Presidente da Associação Nacional dos Procuradores da República (ANPR) Fábio George Cruz da Nóbrega diz que 'centralização de todas as decisões em um comitê nacional burocratiza e dificulta a agilidade do Ministério Público na ponta'

André Borges, O Estado de S.Paulo

21 de março de 2020 | 13h46

   

BRASÍLIA - A decisão do governo de anunciar um comitê para centralizar as ações e decisões judiciais relacionadas ao coronavírus pode engessar o trabalho dos 15 mil procuradores do Ministério Público Federal (MPF), em vez de acelerar as decisões.

A avaliação é do presidente da Associação Nacional dos Procuradores da República (ANPR), Fábio George Cruz da Nóbrega. “A centralização de todos os acordos, decisões em um comitê nacional tende a burocratizar, sobremaneira, e a dificultar a agilidade do Ministério Público na ponta”, diz ele.

Na última quarta-feira, 18, o presidente Jair Bolsonaro e o presidente do Supremo Tribunal Federal (STF), Dias Toffoli, anunciaram um projeto de lei que cria comitê nacional para enfrentar o avanço do coronavírus no País. "O comitê terá como função promover a interlocução institucional entre órgãos da justiça e de controle no âmbito federal para prevenir ou solucionar litígios relacionados ao enfrentamento da emergência de saúde pública decorrente do coronavírus", disse Toffoli, em cerimônia no Palácio do Planalto.

O projeto de lei foi enviado ao Congresso, mas ainda não foi votado. Na prática, diz Nóbrega, o efeito pode ser exatamente o oposto. Ele cita como exemplo diversas ações ajuizadas pelo MPF para que Estados e municípios impeçam aglomerações, para que sejam suspensas missas e cultos e para que haja maior transparência em relação ao número de infectados.

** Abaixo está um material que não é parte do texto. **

Lemma cone_edge_inj {V : finType} {c} {f : V -> nat} {u a b} :
  injective f -> (forall v, f v <> c) -> a != u ->
  [fset c; f u; f a] = [fset c; f u; f b] -> a = b.
Proof.
move=> fi fc au E; apply: (fi); apply: fset3_inj E; first exact/eqP/fc.
by rewrite (inj_eq fi).
Qed.

Lemma cone_copy_fresh {l} {S : {fset nat} -> Prop} {X : {fset nat}} {w c : nat}
    {g : 'I_l.+3 -> nat} :
  (forall e, S e -> w \notin e) -> w \in X -> w != c ->
  cone_copy (khat l.+1) (fun e => S e \/ e = X) c g -> cone_copy (khat l.+1) S c g.
Proof.
move=> Sw wX wc [gi [gc Hg]]; split=> //; split=> // u v uv.
have edge_X t z : w = g t -> khat l.+1 t z -> [fset c; g t; g z] = X.
  by move=> wt tz; case: (Hg t z tz) => // /Sw; rewrite in_fset3 -wt eqxx orbT.
have not_vertex t : w <> g t.
  move=> wt; have [a [b [ab ta tb]]] := khat_two_nbrs t.
  apply: (negP ab); apply/eqP/(cone_edge_inj (u := t) gi gc).
    by rewrite eq_sym (khat_neq ta).
  by rewrite !edge_X.
case: (Hg u v uv) => // uvX; exfalso; move: wX.
by rewrite -uvX in_fset3 (negbTE wc) /= => /orP[]/eqP; apply: not_vertex.
Qed.

Lemma cone_copy_add_leaf {l} {S : {fset nat} -> Prop} {c x y w : nat}
    {f : 'I_l.+2 -> nat} :
  cone_copy (khat l) S c f -> f (main0 l) = x -> f (main1 l) = y ->
  (forall v, f v != w) -> w != c -> S [fset c; x; w] -> S [fset c; y; w] ->
  exists g, cone_copy (khat l.+1) S c g.
Proof.
move=> [fi [fc Hf]] fx fy fw wc Sx Sy.
have Smain u : val u < 2 -> S [fset c; f u; w].
  by case/main_cases => ->; rewrite ?fx ?fy.
have main_of_max u : khat l.+1 (lift ord_max u) ord_max -> val u < 2.
  by rewrite khatE lift_max /=; lia.
exists (fun i => if unlift ord_max i is Some j then f j else w).
split; [|split].
- move=> i j; case: unliftP => [i' ->|->]; case: unliftP => [j' ->|->] //.
  + by move/fi ->.
  + by move=> E; move: (fw i'); rewrite E eqxx.
  + by move=> E; move: (fw j'); rewrite E eqxx.
- by move=> i; case: unliftP => [i' _|_]; [exact: fc | exact/eqP].
- move=> u v; case: unliftP => [u' ->|->]; case: unliftP => [v' ->|->].
  + by rewrite khat_lift_max => /Hf.
  + by move/main_of_max/Smain.
  + by rewrite khat_sym fset3C => /main_of_max/Smain.
  + by move/khat_neq; rewrite eqxx.
Qed.

Definition has_K23 (S : {fset nat} -> Prop) (c x : nat) : Prop :=
  exists f : 'I_(3.+2) -> nat,
    cone_copy (khat 3) S c f /\ (f (main0 3) = x \/ f (main1 3) = x).

Lemma has_K23_mono {S S' : {fset nat} -> Prop} {c x : nat} :
  (forall e, S e -> S' e) -> has_K23 S c x -> has_K23 S' c x.
Proof. by move=> SS' [f [fS fx]]; exists f; split=> //; exact: cone_copy_mono fS. Qed.

Lemma has_K23_fresh {S : {fset nat} -> Prop} {X : {fset nat}} {w c x : nat} :
  (forall e, S e -> w \notin e) -> w \in X -> w != c ->
  has_K23 (fun e => S e \/ e = X) c x -> has_K23 S c x.
Proof.
by move=> Sw wX wc [f [fS fx]]; exists f; split=> //; exact: cone_copy_fresh Sw wX wc fS.
Qed.

Definition blocked (SA SB : {fset nat} -> Prop) : Prop :=
  forall c (f : 'I_(4.+2) -> nat) e,
    cone_copy (khat 4) (fun e' => SA e' \/ e' = e) c f -> SB e.

Lemma blocked_anti {SA SA' SB : {fset nat} -> Prop} :
  (forall e, SA' e -> SA e) -> blocked SA SB -> blocked SA' SB.
Proof.
move=> SA'A bl c f e fcopy; apply: (bl c f); apply: cone_copy_mono fcopy.
by move=> e' [/SA'A|]; auto.
Qed.

Lemma blocked_mono {SA SB SB' : {fset nat} -> Prop} :
  (forall e, SB e -> SB' e) -> blocked SA SB -> blocked SA SB'.
Proof. by move=> SBB' bl c f e /bl /SBB'. Qed.

Lemma blocked_no_K24 {SA SB S : {fset nat} -> Prop} {e : {fset nat}} :
  blocked SA SB -> ~ SB e -> (forall e', S e' -> SA e' \/ e' = e) -> ~ has_K24 S.
Proof. by move=> bl nSB SA_e [c [f /(cone_copy_mono SA_e)/bl]]. Qed.

Lemma blocked_init {A B : {fset {fset nat}}} :
  ~ threat A B -> ~ has_K24 (fun e => e \in A) ->
  blocked (fun e => e \in A) (fun e => e \in B).
Proof.
move=> nthreat nK c f e fcopy; have [fi [fc Hf]] := fcopy.
case: (boolP (e \in B)) => // eB; exfalso.
case: (boolP (e \in A)) => eA.
  by apply: nK; exists c, f; apply: cone_copy_mono fcopy => e' [|->].
case: (classic (exists u v, khat 4 u v /\ e = [fset c; f u; f v])) => [edge|nedge].
  apply: nthreat; exists c, f, e; do 5 split=> //.
  by move=> u v uv ne; case: (Hf u v uv).
apply: nK; exists c, f; split=> //; split=> // u v uv.
by case: (Hf u v uv) => // E; case: nedge; exists u, v.
Qed.

Section AddFreshAnswer.

Context {SA : {fset nat} -> Prop} {c x w : nat}.
Hypothesis SA_fresh : forall e, SA e -> w \notin e.

Let X := [fset c; x; w].

Section NearCopy.

Context {c' : nat} {f : 'I_(4.+2) -> nat} {e : {fset nat}}.
Hypothesis fcopy : cone_copy (khat 4) (fun e' => (SA e' \/ e' = X) \/ e' = e) c' f.

Lemma edge_through_fresh u v : khat 4 u v -> w \in [fset c'; f u; f v] ->
  [fset c'; f u; f v] = X \/ [fset c'; f u; f v] = e.
Proof.
move=> uv wuv; have [_ [_ Hf]] := fcopy.
by case: (Hf u v uv) => [[/SA_fresh|]|]; [rewrite wuv | left | right].
Qed.

(* The centre and the main vertices lie in at least three edges, but only [X]
   and [e] can contain [w]. *)
Lemma fresh_off_main t : val t < 2 -> w \notin [fset c'; f t].
Proof.
move=> ht; apply/negP => wt; have [fi [fc _]] := fcopy.
pose E k := [fset c'; f t; f k].
have edge k : 1 < val k -> E k = X \/ E k = e.
  move=> hk; apply: edge_through_fresh; first exact: khat_main_leaf.
  by move: wt; rewrite in_fset2 in_fset3 => /orP[]->; rewrite ?orbT.
have E_inj (k k' : 'I_(4.+2)) : E k = E k' -> 1 < val k -> val k = val k'.
  move=> /(cone_edge_inj fi fc) + hk => -> //.
  by apply: contraTneq hk => ->; rewrite -leqNgt.
have leaf n : 1 < n < 6 -> 1 < val (inord n : 'I_(4.+2)).
  by case/andP=> n1 n6; rewrite /= inordK.
apply: (three_in_pair _ _ _ (edge (inord 2) (leaf 2 _)) (edge (inord 3) (leaf 3 _))
                             (edge (inord 4) (leaf 4 _))) => // /E_inj;
  by rewrite /= !inordK // => /(_ isT).
Qed.

Lemma leaf_edges {t} : 1 < val t -> w = f t ->
  (exists2 m, val m < 2 & [fset c'; f t; f m] = X) /\ w \in e.
Proof.
move=> ht wt; have [fi [fc _]] := fcopy.
pose E k := [fset c'; f t; f k].
have edge m : val m < 2 -> E m = X \/ E m = e.
  move=> hm; apply: edge_through_fresh; first by rewrite khat_sym khat_main_leaf.
  by rewrite wt in_fset3 eqxx orbT.
have E01 : E (main0 4) <> E (main1 4).
  move=> E01; suff /(congr1 val) : main0 4 = main1 4 by [].
  exact: cone_edge_inj fi fc (khat_neq (khat_main_leaf (u := main0 4) isT ht)) E01.
have we m : E m = e -> w \in e by move <-; rewrite wt in_fset3 eqxx orbT.
case: (edge (main0 4) isT) (edge (main1 4) isT) => [E0|E0] [E1|E1].
- by case: E01; rewrite E0 E1.
- by split; [exists (main0 4) | exact: we E1].
- by split; [exists (main1 4) | exact: we E0].
- by case: E01; rewrite E0 E1.
Qed.

Lemma leaf_deleted_copy {t} : 1 < val t -> w = f t -> w \in e ->
  cone_copy (khat 3) SA c' (fun i => f (lift t i)).
Proof.
move=> ht wt we; have [fi [fc Hf]] := fcopy.
split; first by move=> i j /fi /lift_inj.
split=> [i|i j ij]; first exact: fc.
have wg : w \notin [fset c'; f (lift t i); f (lift t j)].
  have ftc : f t != c' by apply/eqP/fc.
  by rewrite in_fset3 wt (negbTE ftc) !(inj_eq fi) !(negbTE (neq_lift t _)).
case: (Hf _ _ (khat_lift ht ij)) => [[//|]|] edgeE; move: wg;
  by rewrite edgeE ?we // fset33.
Qed.

Lemma fresh_off_leaf t : 1 < val t -> w = f t -> has_K23 SA c x \/ has_K23 SA x c.
Proof.
move=> ht wt; have [fi [fc _]] := fcopy.
have [[m hm Xm] we] := leaf_edges ht wt.
have gSA := leaf_deleted_copy ht wt we.
have gm : f (lift t (main0 3)) = f m \/ f (lift t (main1 3)) = f m.
  by rewrite lift_main0 // lift_main1 //; case: (main_cases hm) => ->; auto.
have inX z : z \in [fset c'; f t; f m] -> z \in X by rewrite Xm.
have c'w : c' != w by rewrite wt eq_sym; apply/eqP/fc.
have fmw : f m != w.
  by rewrite wt (inj_eq fi); apply: contraTneq hm => ->; rewrite -leqNgt.
have c'fm : c' != f m by rewrite eq_sym; apply/eqP/fc.
have [[c'c fmx]|[c'x fmc]] :=
  fset3_pair (inX c' (fset31 _ _ _)) (inX (f m) (fset33 _ _ _)) c'w fmw c'fm.
- by left; exists (fun i => f (lift t i)); rewrite -c'c -fmx.
- by right; exists (fun i => f (lift t i)); rewrite -c'x -fmc.
Qed.

End NearCopy.

Lemma blocked_add_answer {SB : {fset nat} -> Prop} :
  blocked SA SB -> ~ has_K23 SA c x -> ~ has_K23 SA x c ->
  blocked (fun e => SA e \/ e = X) SB.
Proof.
move=> bl nK23cx nK23xc c' f e fcopy.
case: (eqVneq w c') => [wc'|wc'].
  by case/negP: (fresh_off_main fcopy (main0 4) isT); rewrite wc' fset21.
case: (pickP (fun t => f t == w)) => [t /eqP ft|nof].
  case: (ltnP (val t) 2) => ht.
    by case/negP: (fresh_off_main fcopy t ht); rewrite -ft fset22.
  by case: (fresh_off_leaf fcopy t ht (esym ft)).
have [fi [fc Hf]] := fcopy; apply: (bl c' f e); split=> //; split=> // u v uv.
case: (Hf u v uv) => [[|XE]|]; [by left | exfalso | by right].
move: (fset33 c x w); rewrite -/X -XE in_fset3 (negbTE wc') /=.
by rewrite !(eq_sym w) !nof.
Qed.

End AddFreshAnswer.

Definition max_vertex (s : seq {fset nat}) : nat := \max_(e <- s) \max_(v <- e) v.

Lemma leq_max_vertex {s : seq {fset nat}} {e : {fset nat}} {v : nat} :
  e \in s -> v \in e -> v <= max_vertex s.
Proof.
move=> es ve; apply: leq_trans (leq_bigmax_seq e es isT).
exact: (leq_bigmax_seq v ve isT).
Qed.

Lemma max_vertex_mkseq (p : nat -> {fset nat}) {j k : nat} :
  j <= k -> max_vertex (mkseq p j) <= max_vertex (mkseq p k).
Proof.
elim: k => [|k IH]; first by rewrite leqn0 => /eqP ->.
rewrite leq_eqVlt ltnS => /predU1P[-> //|/IH jk].
by rewrite mkseqS -cats1 {2}/max_vertex big_cat leq_max jk.
Qed.

Lemma mem_mkseq {p : nat -> {fset nat}} {i j} : i < j -> p i \in mkseq p j.
Proof. by move=> ij; apply: map_f; rewrite mem_iota. Qed.

Lemma take_mkseq {p : nat -> {fset nat}} {j k} : j <= k -> take j (mkseq p k) = mkseq p j.
Proof. by move=> jk; rewrite /mkseq -map_take take_iota (minn_idPl jk). Qed.

Lemma find_iota (a : pred nat) n j :
  j <= n -> (forall i, i < j -> ~~ a i) -> (j < n -> a j) -> find a (iota 0 n) = j.
Proof.
move=> jn before at_j.
have find_le : find a (iota 0 n) <= n by rewrite -{2}(size_iota 0 n) find_size.
case: (ltngtP (find a (iota 0 n)) j) => // [lt|gt].
- have has_a : has a (iota 0 n) by rewrite has_find size_iota (leq_trans lt jn).
  have := nth_find 0 has_a.
  by rewrite nth_iota ?(leq_trans lt jn) //= (negbTE (before _ lt)).
- have := before_find 0 gt; rewrite nth_iota ?(leq_trans gt find_le) //= at_j //.
  exact: leq_trans gt find_le.
Qed.

Lemma ownA_succ A p j e : ownA A p j.+1 e -> ownA A p j e \/ e = p j.
Proof.
case=> [eA|[i]]; first by left; left.
rewrite ltnS leq_eqVlt => /predU1P[-> <-|ij <-]; [by right | by left; right; exists i].
Qed.

Lemma ownB_succ B str p j e :
  ownB B str p j.+1 e -> ownB B str p j e \/ e = p2move str p j.
Proof.
case=> [eB|[i]]; first by left; left.
rewrite ltnS leq_eqVlt => /predU1P[-> <-|ij <-]; [by right | by left; right; exists i].
Qed.
(* Let $E$ be a finite non-abelian $p$-group of class $2$ with cyclic centre, and let $E_n,Z_n,F_n,K_n,L_n,J_n,\alpha_n$ ($n\ge0$) and the homomorphisms $\psi_n:J_n/L_n\to J_{n-1}/L_{n-1}$ ($n\ge1$) be as follows: $E_n=E^{p^n}$, $Z_n=Z(E_n)$, $F_n=\{(x^{(i)})\in Z_n:\prod_{i=1}^{p^n}x^{(i)}=1\}$, $K_n=E_n/F_n$, $L_n=Z_n/F_n$, $J_n=K_n\rtimes\langle\alpha_n\rangle$ with $\alpha_n$ of order $p^n$ cyclically shifting coordinates; $\psi_n$ is induced on $K_n/L_n\cong E_n/Z_n$ by $x\mapsto\big(\prod_{r\equiv i\ (\mathrm{mod}\ p^{n-1})}x^{(r)}\big)_{i}$ (increasing order) and sends $\alpha_n\mapsto\alpha_{n-1}$. Let $$K=\{(k_n)\in\textstyle\prod_{n\ge0}K_n:\psi_n(k_nL_n)=k_{n-1}L_{n-1}\ \forall n\ge1\},\quad L=\prod_{n\ge0}L_n,$$ let $\mathcal U$ be a non-principal ultrafilter on the index set, $D=\{(k_n)\in L:\{n:k_n\ne1\}\notin\mathcal U\}$, $H=K/D$ and $Z=L/D$. Then $Z\cong Z(E)$, and $H$ is monolithic with $Z(H)=Z$.
   Context: A group is monolithic if the intersection of all its nontrivial normal subgroups is nontrivial. A non-principal ultrafilter is a maximal filter (family of nonempty subsets closed under finite intersections and supersets) not consisting of all supersets of a fixed set. *)

From HB Require Import structures.
From mathcomp Require Import all_boot all_algebra all_fingroup all_solvable.
From mathcomp Require Import pgroup center nilpotent cyclic.

Set Implicit Arguments.
Unset Strict Implicit.
Unset Printing Implicit Defensive.
Lemma rigidb_d j : j < n -> rigidb 0 (2 * n - 1) (d n j).
Proof.
move=> lt_jn; rewrite /rigidb filter_d iota_uniq count_d // leqnn /=.
rewrite d_rigid cube_free_rigid ?unzip1_d ?notin0_iota1 // dexp_le2 /=.
by rewrite unzip2_d; apply/allP => e /mapP[i _ ->]; apply: dexp_le2.
Qed.

Lemma sumn_map_d (f : nat -> nat) j : j < n ->
  sumn (map f (d n j)) = (2 * n - 1) * f 0 + sumn (map f (iota 1 (n - 1))).
Proof. by move=> lt_jn; rewrite (sumn_split f 0) count_d // filter_d. Qed.

Lemma subst_d_nil0 s j : s 0 = [::] -> subst s (d n j) = subst s (iota 1 (n - 1)).
Proof. by move=> s0; rewrite (subst_filter_nil _ s0) filter_d. Qed.

Lemma subst_d_letter0 s x j : s 0 = [:: x] ->
  subst s (d n j) = block_word x (dexp j 0) [seq (s i, dexp j i) | i <- iota 1 (n - 1)].
Proof.
move=> s0; rewrite /d subst_cat (subst_nseq _ s0) /block_word; congr cat.
elim: (iota 1 (n - 1)) => //= i t IHt.
by rewrite -[i :: _]cat1s !subst_cat (subst_nseq _ s0) IHt /subst /= cats0 catA.
Qed.

Lemma d_prefix j m : exists p,
  nseq (dexp j 0) 0 ++ flatten [seq i :: nseq (dexp j i) 0 | i <- iota 1 m]
  = p ++ nseq (dexp j m) 0.
Proof.
elim: m => [|m [p IHp]]; first by exists [::]; rewrite cats0.
exists (p ++ nseq (dexp j m) 0 ++ [:: m.+1]).
have -> : iota 1 m.+1 = iota 1 m ++ [:: m.+1] by rewrite -(addn1 m) iotaD add1n addn1.
by rewrite map_cat flatten_cat catA IHp /= cats0 -!catA.
Qed.

Lemma d_split j i : 0 < i < n ->
  exists p q, d n j = p ++ nseq (dexp j i.-1) 0 ++ i :: nseq (dexp j i) 0 ++ q.
Proof.
case: i => // i /andP[_ lt_in]; have [p pE] := d_prefix j i.
exists p, (flatten [seq l :: nseq (dexp j l) 0 | l <- iota i.+2 (n - i.+2)]).
rewrite /d (_ : n - 1 = i + (n - i.+2).+1); last by lia.
by rewrite iotaD map_cat flatten_cat catA pE add1n /= -!catA.
Qed.

Lemma nonrigid_subst_d_gap x k s y z j i : 0 < i < n -> s 0 = [:: x] -> s i = [::] ->
  ~~ rigidb x k (y ++ subst s (d n j) ++ z).
Proof.
move=> i_range s0 si; have [p [q ->]] := d_split j i_range.
have si' : subst s [:: i] = [::] by rewrite /subst /= si.
rewrite -[i :: _]cat1s !subst_cat si' !(subst_nseq _ s0) /=.
have := @nonrigid_cube x k (y ++ subst s p) (dexp j i.-1 + dexp j i) (subst s q ++ z).
rewrite nseqD !catA; apply; case: i i_range {si si'} => // i _.
exact: dexp_adjacent.
Qed.

Definition admissible x s y z : bool :=
  [&& s 0 == [:: x], all (fun i => (x \notin s i) && (s i != [::])) (iota 1 (n - 1)),
      x \notin y & x \notin z].

Lemma count_subst_d (c : nat) s y z j : j < n ->
  count_mem c (y ++ subst s (d n j) ++ z) =
  count_mem c y + (2 * n - 1) * count_mem c (s 0)
  + sumn [seq count_mem c (s i) | i <- iota 1 (n - 1)] + count_mem c z.
Proof.
move=> lt_jn; rewrite !count_cat count_subst (sumn_map_d (fun l => count_mem c (s l))) //.
by rewrite !addnA.
Qed.

Lemma admissible_of_rigid x s y z j : 1 < n -> j < n -> s 0 != [::] ->
  rigidb x (2 * n - 1) (y ++ subst s (d n j) ++ z) -> admissible x s y z.
Proof.
move=> lt1n lt_jn s0_nil rigid_L.
have [[c c_s0 cx] | s0E] := xpower_or_other x (s 0).
  by rewrite (negbTE (nonrigid_subst_repeat cx c_s0 _)) ?count_d // in rigid_L; lia.
have s0_gt0 : 0 < size (s 0) by rewrite lt0n size_eq0.
have le_P : 2 * n - 1 <= (2 * n - 1) * size (s 0) by rewrite leq_pmulr.
have := rigid_L => /and3P[_ + _]; rewrite count_subst_d // s0E count_nseq /= eqxx mul1n.
move: le_P; set P := (2 * n - 1) * size (s 0).
set Y := count _ y; set Z := count _ z; set S := sumn _.
move=> le_P bound; have [Y0 S0 Z0 P_eq] : [/\ Y = 0, S = 0, Z = 0 & P = 2 * n - 1].
  by clearbody P S Y Z; split; lia.
have s0x : s 0 = [:: x].
  rewrite s0E (_ : size (s 0) = 1) //; apply/eqP.
  by rewrite -(@eqn_pmul2l (2 * n - 1)) ?muln1 -/P ?P_eq //; lia.
rewrite /admissible s0x eqxx /=; apply/and3P; split; [|exact/count_memPn/Y0|exact/count_memPn/Z0].
apply/allP => i t_i; apply/andP; split.
  apply/count_memPn/eqP; rewrite -leqn0 -S0.
  apply: leq_trans (sumn_count_le (fun l => count_mem x (s l)) i _); rewrite leq_pmull //.
  by rewrite -has_count has_pred1.
apply: contraTneq rigid_L => si; apply: nonrigid_subst_d_gap s0x si.
by move: t_i; rewrite mem_iota; lia.
Qed.

Lemma filter_subst_d_admissible x s y z j : admissible x s y z ->
  filter (predC1 x) (y ++ subst s (d n j) ++ z) = y ++ subst s (iota 1 (n - 1)) ++ z.
Proof.
case/and4P=> /eqP s0x s_ok xy xz.
rewrite !filter_cat filter_subst subst_d_nil0 ?s0x /= ?eqxx // !filter_notin //.
congr (_ ++ _ ++ _); congr flatten; apply/eq_in_map => i /(allP s_ok) /andP[xsi _].
exact: filter_notin.
Qed.

Lemma rigidb_subst_d_admissible x s y z j : j < n -> admissible x s y z ->
  rigidb x (2 * n - 1) (y ++ subst s (d n j) ++ z) = uniq (y ++ subst s (iota 1 (n - 1)) ++ z).
Proof.
move=> lt_jn adm; rewrite /rigidb filter_subst_d_admissible // count_subst_d //.
case/and4P: adm => /eqP s0x s_ok xy xz.
have S0 : sumn [seq count_mem x (s i) | i <- iota 1 (n - 1)] = 0.
  elim: (iota 1 (n - 1)) s_ok => //= i t IHt /andP[/andP[xsi _] /IHt ->].
  by rewrite (count_memPn xsi).
rewrite s0x /= eqxx S0 (count_memPn xy) (count_memPn xz) muln1 add0n !addn0 leqnn /=.
rewrite cube_free0_catl_notin // (subst_d_letter0 _ s0x) cube_free_block_word ?all_map //.
by rewrite add0n dexp_le2 (_ : all _ _) ?andbT //; apply/allP => i _; apply: dexp_le2.
Qed.

Lemma admissible_fixes_d s y z j : admissible 0 s y z ->
  in_Dn n (y ++ subst s (d n j) ++ z) -> forall k, y ++ subst s (d n k) ++ z = d n k.
Proof.
move=> adm [m _ L_eq]; have := filter_subst_d_admissible j adm.
rewrite L_eq filter_d; case/and4P: adm => /eqP s00 s_ok _ _ fixed.
have s_nil : {in iota 1 (n - 1), forall i, s i != [::]}.
  by move=> i /(allP s_ok) /andP[].
have [y_nil z_nil] : y = [::] /\ z = [::].
  have := size_subst_ge s_nil; move/(congr1 size): fixed; rewrite !size_cat !size_iota.
  set S := size (subst _ _); clearbody S.
  by case: y z {L_eq} => [|? ?] [|? ?] //=; lia.
move: fixed; rewrite y_nil z_nil cats0 => /esym /(subst_fixed_singletons s_nil) s_id k.
rewrite /= cats0 subst_id // => l /mem_d /orP[/eqP -> // | /s_id //].
Qed.

Lemma pi_instance x s y z j k : 1 < n -> j < n -> k < n ->
  same_or_nonrigid x (2 * n - 1) (y ++ subst s (d n j) ++ z) (y ++ subst s (d n k) ++ z)
  \/ admissible x s y z.
Proof.
move=> lt1n lt_jn lt_kn; case: (eqVneq (s 0) [::]) => [s0_nil | s0_nnil].
  by left; left; rewrite !subst_d_nil0.
case adm: (admissible x s y z); [by right | left; right].
by split; apply: contraFN adm; apply: admissible_of_rigid.
Qed.

End DWords.

Lemma rigidb_respects n pi x : 1 < n -> equiv_on_Dn n pi ->
  forall p, Cn_pi_ids n pi p -> respects (rigidb x (2 * n - 1)) p.
Proof.
move=> lt1n [pi_Dn _ _ _].
have nonrigid_false w : ~~ rigidb x (2 * n - 1) w -> rigidb x (2 * n - 1) w = false := @negbTE _.
move=> [l r] [O_lr | [extra_lr | /= pi_lr]] s y z /=.
- exact: same_or_nonrigid_congr nonrigid_false (O_instance x _ s y z O_lr).
- exact: same_or_nonrigid_congr nonrigid_false (Cn_extra_instance x s y z (ltnW lt1n) extra_lr).
have [[j lt_jn ->] [k lt_kn ->]] := pi_Dn _ _ pi_lr.
case: (pi_instance x s y z lt1n lt_jn lt_kn) => [|adm].
  exact: same_or_nonrigid_congr nonrigid_false.
by rewrite !rigidb_subst_d_admissible.
Qed.

Lemma pi_class_respects n pi w0 : 1 < n -> equiv_on_Dn n pi ->
  forall p, Cn_pi_ids n pi p -> respects (pi w0) p.
Proof.
move=> lt1n [pi_Dn _ pi_sym pi_trans].
have pi_rigid w : ~~ rigidb 0 (2 * n - 1) w -> pi w0 w = False.
  move=> nonrigid_w; apply: propositional_extensionality; split=> // /pi_Dn[_ [j lt_jn w_eq]].
  by rewrite w_eq rigidb_d in nonrigid_w.
move=> [l r] [O_lr | [extra_lr | /= pi_lr]] s y z /=.
- exact: same_or_nonrigid_congr pi_rigid (O_instance 0 _ s y z O_lr).
- exact: same_or_nonrigid_congr pi_rigid (Cn_extra_instance 0 s y z (ltnW lt1n) extra_lr).
have [[j lt_jn l_eq] [k lt_kn r_eq]] := pi_Dn _ _ pi_lr; rewrite l_eq r_eq in pi_lr *.
case: (pi_instance 0 s y z lt1n lt_jn lt_kn) => [|adm].
  exact: same_or_nonrigid_congr pi_rigid.
apply: propositional_extensionality; split=> pi_w0.
- have fixed := admissible_fixes_d adm (pi_Dn _ _ pi_w0).2.
  by rewrite (fixed k); rewrite (fixed j) in pi_w0; apply: pi_trans pi_w0 pi_lr.
- have fixed := admissible_fixes_d adm (pi_Dn _ _ pi_w0).2.
  by rewrite (fixed j); rewrite (fixed k) in pi_w0; apply: pi_trans pi_w0 (pi_sym _ _ pi_lr).
Qed.

Theorem lemma4p3 (n : nat) (pi : word -> word -> Prop) (u v : word) :
  2 <= n -> equiv_on_Dn n pi ->
  variety_sat (Cn_pi_ids n pi) (u, v) ->
  (limited_cubefree_rigid (2 * n - 1) u -> limited_cubefree_rigid (2 * n - 1) v) /\
  (in_Dn n u -> in_Dn n v /\ pi u v).
Proof.
move=> lt1n pi_equiv sat_uv; split.
  case/limited_cubefree_rigidP => x rigid_u; apply/limited_cubefree_rigidP; exists x.
  by rewrite -(variety_sat_respects (rigidb_respects x lt1n pi_equiv) sat_uv).
move=> Dn_u; case: (pi_equiv) => pi_Dn pi_refl _ _.
have pi_uv : pi u v.
  by rewrite -(variety_sat_respects (pi_class_respects u lt1n pi_equiv) sat_uv); apply: pi_refl.
by split=> //; case: (pi_Dn _ _ pi_uv).
Qed.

“Na nossa compreensão, o comitê impede que qualquer acordo, ação seja judicializada sem passar por esse comitê”, afirma. “Haverá, ao contrário do que se anuncia, um retardamento muito grande quanto às medidas que têm de adotadas rapidamente em todo o País.”

Nesta semana, a bancada evangélica defendeu a liberação de cultos em todo o País, sob o argumento de que precisam orar contra a “pandemia maligna”. Bolsonaro deu declarações favoráveis ao pleito, dizendo que os pastores saberiam realizar seus cultos, orientando as pessoas.

A ideia de trazer uma coordenação para dar uniformidade ao trabalho, diz o presidente da ANPR, pode ser benéfica, mas o projeto de lei, da forma como foi colocado, restringe a atuação do procurador que está na ponta do processo e conhece, de fato, qual é a necessidade da medida tomada.

Ao apresentar a proposta, Dias Toffoli disse que o comitê terá a missão de “evitar litígios, preveni-los e solucioná-los de maneira rápida, porque todos nós temos a real dimensão de que a dramaticidade do momento em que vivemos levará a uma alta litigiosidade".